@fermatslibrary
Looks like damping the function f(x) = sqrt(x) so it converges, then iterating to find the fixed point. A fundamental technique taught early in
#sicp
🙂
(fixed-point (average-damp (...))
See:
@fermatslibrary
Here is another useful trick: Take whatever method works best for you und approximate every square root before you use the calculator. That way you get the necessary practice and it will come in really handy once you got the hang of it ;)
@fermatslibrary
1. Try to remember this method
2. Fail, ask Siri
3. Grab a calculator while waiting for a response and yep ok Siri says I found this on the web for “where is the square root of pants lasagna”
@fermatslibrary
i say another simple method. .
take approx squre root of 17 i. e 4 . . Divide 17/4 = 4.25 .

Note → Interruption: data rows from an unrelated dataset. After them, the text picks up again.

(* Let $S$ be a multiplicatively closed subset of an $r$-lattice $L$ (with $1\in S$, $0\notin S$). Then: (1) if $j$ is a principal element and $i$ is an $S$-compact element of $L$, then $i\cdot j$ is $S$-compact; (2) if $k$ is a compact element and $i$ is an $S$-compact element of $L$, then $k\vee i$ is $S$-compact.
   Context: A multiplicative lattice is a complete lattice with a commutative, associative multiplication distributing over arbitrary joins, with $1$ as identity; $L_*$ is the set of compact elements; $(a:b)=\bigvee\{x\mid xb\le a\}$. An element $m$ is principal if $a\wedge mb=m((a:m)\wedge b)$ and $a\vee(b:m)=(am\vee b):m$ for all $a,b$. An $r$-lattice is a modular, principally generated, compactly generated multiplicative lattice with $1$ compact. A multiplicatively closed subset is a nonempty $S\subseteq L_*$ closed under multiplication. An element $a$ is $S$-compact if there exist a compact $b$ and $s\in S$ with $s\cdot a\le b\le a$. *)

From Stdlib Require Import List.
Set Implicit Arguments.

(* A multiplicative lattice: a complete lattice (order [le], arbitrary joins
   [sup] of Prop-valued subsets) with a commutative, associative
   multiplication distributing over arbitrary joins, whose greatest element
   1 (= sup of everything) is the multiplicative identity. *)
Record MultLattice := {
  carrier :> Type;
  le : carrier -> carrier -> Prop;
  le_refl : forall a, le a a;
  le_trans : forall a b c, le a b -> le b c -> le a c;
  le_antisym : forall a b, le a b -> le b a -> a = b;
  sup : (carrier -> Prop) -> carrier;
  sup_ub : forall (A : carrier -> Prop) x, A x -> le x (sup A);
  sup_least : forall (A : carrier -> Prop) y,
      (forall x, A x -> le x y) -> le (sup A) y;
  mul : carrier -> carrier -> carrier;
  mul_comm : forall a b, mul a b = mul b a;
  mul_assoc : forall a b c, mul a (mul b c) = mul (mul a b) c;
  mul_one : forall a, mul (sup (fun _ => True)) a = a;
  mul_sup : forall a (A : carrier -> Prop),
      mul a (sup A) = sup (fun y => exists x, A x /\ y = mul a x)
}.

Arguments le {m}.
Arguments sup {m}.
Arguments mul {m}.

Section Ops.
Variable L : MultLattice.

Definition one : L := sup (fun _ => True).
Definition zero : L := sup (fun _ => False).
Definition join (a b : L) : L := sup (fun x => x = a \/ x = b).
Definition meet (a b : L) : L := sup (fun x => le x a /\ le x b).
Definition res (a b : L) : L := sup (fun x => le (mul x b) a).

Definition compact (a : L) : Prop :=
  forall A : L -> Prop, le a (sup A) ->
    exists l : list L, (forall x, In x l -> A x) /\ le a (sup (fun x => In x l)).

Definition principal (m : L) : Prop :=
  forall a b : L,
    meet a (mul m b) = mul m (meet (res a m) b) /\
    join a (res b m) = res (join (mul a m) b) m.

Definition modular : Prop :=
  forall a b c : L, le a c -> join a (meet b c) = meet (join a b) c.

Definition principally_generated : Prop :=
  forall a : L, a = sup (fun x => principal x /\ le x a).

Definition compactly_generated : Prop :=
  forall a : L, a = sup (fun x => compact x /\ le x a).

Definition r_lattice : Prop :=
  modular /\ principally_generated /\ compactly_generated /\ compact one.

Definition mult_closed (S : L -> Prop) : Prop :=
  (exists s, S s) /\ (forall s, S s -> compact s) /\
  (forall s t, S s -> S t -> S (mul s t)).

Definition S_compact (S : L -> Prop) (a : L) : Prop :=
  exists b s, compact b /\ S s /\ le (mul s a) b /\ le b a.

End Ops.
Arguments zero {L}.
Arguments one {L}.
Arguments join {L}.
Arguments meet {L}.
Arguments res {L}.
Arguments compact {L}.
Arguments principal {L}.
Arguments mult_closed {L}.
Arguments S_compact {L}.

(* Both parts inherit the S-witness: if s i <= b <= i with b compact, then
   s (i j) <= b j <= i j and s (k \/ i) <= k \/ b <= k \/ i, so it suffices
   that compact elements are closed under joins (concatenate finite
   subfamilies) and under multiplication by a principal j.  For the latter let
   b j <= \/ A.  Every compact c <= j b lies below a finite subjoin F of A, so
   c <= F /\ j b = j ((F : j) /\ b) <= j (F : j); by compact generation
   j b <= j Y with Y the join of all (F : j).  The second principal identity
   cancels j up to the annihilator: b <= (Y j \/ 0) : j = Y \/ (0 : j) <= Y.
   The (F : j) form a directed family, so compactness of b gives one finite F
   with b <= (F : j), i.e. b j <= F. *)
From Stdlib Require Import List.

Section MultLatticeFacts.

Variable L : MultLattice.
Implicit Types a b c i j k s x y : L.

Definition finsup (l : list L) : L := sup (fun x => In x l).

Lemma sup_mono (A B : L -> Prop) : (forall x, A x -> B x) -> le (sup A) (sup B).
Proof. intro HAB. apply sup_least. intros x Hx. apply sup_ub. auto. Qed.

Lemma finsup_incl l l' : incl l l' -> le (finsup l) (finsup l').
Proof. intro Hll'. apply sup_mono. exact Hll'. Qed.

Lemma sup_le_eq b : sup (fun x => le x b) = b.
Proof.
  apply le_antisym.
  - apply sup_least. auto.
  - apply sup_ub. apply le_refl.
Qed.

Lemma mul_mono_r a b c : le a b -> le (mul c a) (mul c b).
Proof.
  intro Hab. rewrite <- (sup_le_eq b), mul_sup.
  apply sup_ub. exists a. auto.
Qed.

Lemma mul_mono_l a b c : le a b -> le (mul a c) (mul b c).
Proof. intro Hab. rewrite (mul_comm _ a), (mul_comm _ b). apply mul_mono_r. exact Hab. Qed.

Lemma zero_le a : le zero a.
Proof. apply sup_least. intros x []. Qed.

Lemma le_one a : le a one.
Proof. apply sup_ub. exact I. Qed.

Lemma mul_le_r s a : le (mul s a) a.
Proof.
  apply le_trans with (mul one a).
  - apply mul_mono_l. apply le_one.
  - rewrite mul_one. apply le_refl.
Qed.

Lemma meet_le_l a b : le (meet a b) a.
Proof. apply sup_least. intros x [Hxa _]. exact Hxa. Qed.

Lemma le_meet x a b : le x a -> le x b -> le x (meet a b).
Proof. intros Hxa Hxb. apply sup_ub. auto. Qed.

Lemma le_join_l a b : le a (join a b).
Proof. apply sup_ub. auto. Qed.

Lemma le_join_r a b : le b (join a b).
Proof. apply sup_ub. auto. Qed.

Lemma join_le a b c : le a c -> le b c -> le (join a b) c.
Proof. intros Hac Hbc. apply sup_least. intros x [-> | ->]; assumption. Qed.

Lemma join_mono a a' b b' : le a a' -> le b b' -> le (join a b) (join a' b').
Proof.
  intros Ha Hb. apply join_le.
  - apply le_trans with a'; [exact Ha | apply le_join_l].
  - apply le_trans with b'; [exact Hb | apply le_join_r].
Qed.

Lemma mul_join_le s a b : le (mul s (join a b)) (join (mul s a) (mul s b)).
Proof.
  unfold join at 1. rewrite mul_sup. apply sup_least.
  intros y [x [[-> | ->] ->]]; [apply le_join_l | apply le_join_r].
Qed.

Lemma le_res x a j : le (mul x j) a -> le x (res a j).
Proof. intro Hxj. apply sup_ub. exact Hxj. Qed.

Lemma res_mul_le a j : le (mul (res a j) j) a.
Proof.
  unfold res. rewrite mul_comm, mul_sup. apply sup_least.
  intros y [x [Hx ->]]. rewrite mul_comm. exact Hx.
Qed.

Lemma res_mono a a' j : le a a' -> le (res a j) (res a' j).
Proof.
  intro Ha. apply le_res. apply le_trans with a; [apply res_mul_le | exact Ha].
Qed.

Lemma compactly_generated_le a y :
  compactly_generated L -> (forall c, compact c -> le c a -> le c y) -> le a y.
Proof.
  intros CG Hc. rewrite (CG a). apply sup_least. intros c [Hcc Hca]. auto.
Qed.

Lemma principal_meet_mul j a b :
  principal j -> meet a (mul j b) = mul j (meet (res a j) b).
Proof. intro Hj. apply Hj. Qed.

Lemma principal_mul_cancel j x y :
  principal j -> le (mul x j) (mul y j) -> le x (join y (res zero j)).
Proof.
  intros Hj Hxy. destruct (Hj y zero) as [_ ->].
  apply le_res. apply le_trans with (mul y j); [exact Hxy | apply le_join_l].
Qed.

Lemma compact_le_directed_sup (A : L -> Prop) (f : list L -> L) b :
  compact b -> (forall l l', incl l l' -> le (f l) (f l')) ->
  le b (sup (fun z => exists l, (forall x, In x l -> A x) /\ z = f l)) ->
  exists l, (forall x, In x l -> A x) /\ le b (f l).
Proof.
  intros Hb Hf Hbsup.
  destruct (Hb _ Hbsup) as [l0 [Hl0 Hbl0]].
  assert (Hbound : exists l, (forall x, In x l -> A x) /\
                             forall z, In z l0 -> le z (f l)).
  { clear Hbl0. induction l0 as [|z l0 IH].
    - exists nil. split; intros ? [].
    - destruct IH as [l' [Hl' Hl0l']]; [intros x Hx; apply Hl0; now right |].
      destruct (Hl0 z (or_introl eq_refl)) as [l [Hl ->]].
      exists (l ++ l'). split.
      + intros x Hx. apply in_app_or in Hx. destruct Hx; auto.
      + intros z [<- | Hz].
        * apply Hf. apply incl_appl, incl_refl.
        * apply le_trans with (f l'); [auto |]. apply Hf. apply incl_appr, incl_refl. }
  destruct Hbound as [l [Hl Hl0l]]. exists l. split; [exact Hl |].
  apply le_trans with (finsup l0); [exact Hbl0 |]. apply sup_least. exact Hl0l.
Qed.

Lemma compact_join k b : compact k -> compact b -> compact (join k b).
Proof.
  intros Hk Hb A HA.
  destruct (Hk A) as [lk [HlkA Hklk]].
  { apply le_trans with (join k b); [apply le_join_l | exact HA]. }
  destruct (Hb A) as [lb [HlbA Hblb]].
  { apply le_trans with (join k b); [apply le_join_r | exact HA]. }
  exists (lk ++ lb). split.
  - intros x Hx. apply in_app_or in Hx. destruct Hx; auto.
  - apply join_le.
    + apply le_trans with (finsup lk); [exact Hklk |]. apply finsup_incl, incl_appl, incl_refl.
    + apply le_trans with (finsup lb); [exact Hblb |]. apply finsup_incl, incl_appr, incl_refl.
Qed.

Lemma compact_mul_principal b j :
  compactly_generated L -> compact b -> principal j -> compact (mul b j).
Proof.
  intros CG Hb Hj A HA.
  set (Fres := fun l => res (finsup l) j).
  set (Y := sup (fun z => exists l, (forall x, In x l -> A x) /\ z = Fres l)).
  assert (Hjb : le (mul j b) (mul j Y)).
  { apply compactly_generated_le; [exact CG |]. intros c Hc Hcjb.
    destruct (Hc A) as [l [HlA Hcl]].
    { apply le_trans with (mul j b); [exact Hcjb |]. rewrite mul_comm. exact HA. }
    apply le_trans with (meet (finsup l) (mul j b)); [apply le_meet; assumption |].
    rewrite principal_meet_mul by exact Hj.
    apply mul_mono_r. apply le_trans with (Fres l); [apply meet_le_l |].
    apply sup_ub. exists l. auto. }
  assert (HbY : le b Y).
  { apply le_trans with (join Y (res zero j)).
    - apply principal_mul_cancel; [exact Hj |].
      rewrite (mul_comm _ b), (mul_comm _ Y). exact Hjb.
    - apply join_le; [apply le_refl |]. apply le_trans with (Fres nil).
      + apply res_mono. apply zero_le.
      + apply sup_ub. exists nil. split; [intros ? [] | reflexivity]. }
  destruct (compact_le_directed_sup A Fres b Hb) as [l [HlA Hbl]]; [| exact HbY |].
  - intros l l' Hll'. apply res_mono. apply finsup_incl. exact Hll'.
  - exists l. split; [exact HlA |].
    apply le_trans with (mul (Fres l) j); [apply mul_mono_l; exact Hbl | apply res_mul_le].
Qed.

Lemma S_compact_mul_principal (S : L -> Prop) i j :
  compactly_generated L -> principal j -> S_compact S i -> S_compact S (mul i j).
Proof.
  intros CG Hj [b [s [Hb [Hs [Hsib Hbi]]]]].
  exists (mul b j), s. repeat split.
  - apply compact_mul_principal; assumption.
  - exact Hs.
  - rewrite mul_assoc. apply mul_mono_l. exact Hsib.
  - apply mul_mono_l. exact Hbi.
Qed.

Lemma S_compact_join_compact (S : L -> Prop) k i :
  compact k -> S_compact S i -> S_compact S (join k i).
Proof.
  intros Hk [b [s [Hb [Hs [Hsib Hbi]]]]].
  exists (join k b), s. repeat split.
  - apply compact_join; assumption.
  - exact Hs.
  - apply le_trans with (join (mul s k) (mul s i)); [apply mul_join_le |].
    apply join_mono; [apply mul_le_r | exact Hsib].
  - apply join_mono; [apply le_refl | exact Hbi].
Qed.

End MultLatticeFacts.

Theorem mainTheorem7 (L : MultLattice) (S : L -> Prop) :
  r_lattice L -> mult_closed S -> S one -> ~ S zero ->
  (forall i j : L, principal j -> S_compact S i -> S_compact S (mul i j)) /\
  (forall k i : L, compact k -> S_compact S i -> S_compact S (join k i)).
Proof.
  intros [_ [_ [CG _]]] _ _ _. split.
  - intros i j Hj Hi. apply S_compact_mul_principal; assumption.
  - intros k i Hk Hi. apply S_compact_join_compact; assumption.
Qed.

then take avg of 4.25 and 4, u will get 4.125 simple?
@fermatslibrary
when I need to, I just add to x the result of 1 divided by the difference of the power of x and x+1 and then multiplied by the difference between x and y.
Sqrt(20):
4+4*[1/(25-16)] = 4+4*(1/9) = 4.444
Of course, the bigger the number the finest the results
@fermatslibrary
This is the method that mathematicians would devise ‘from first principles’; however, I once saw a method that looked like long division which I think is more user friendly.
@fermatslibrary
This is also half of the Newton iteration method which if you collect enough public keys from devices can quickly crack the weak keys where any two share the same prime factor.
Hint, never trust a cheap embedded device to generate secure RSA key-pairs.
@fermatslibrary
Why not simply follow the long division method which provides accurate answers to as many decimals as you’d want?
Incidentally, the steps are similar as well.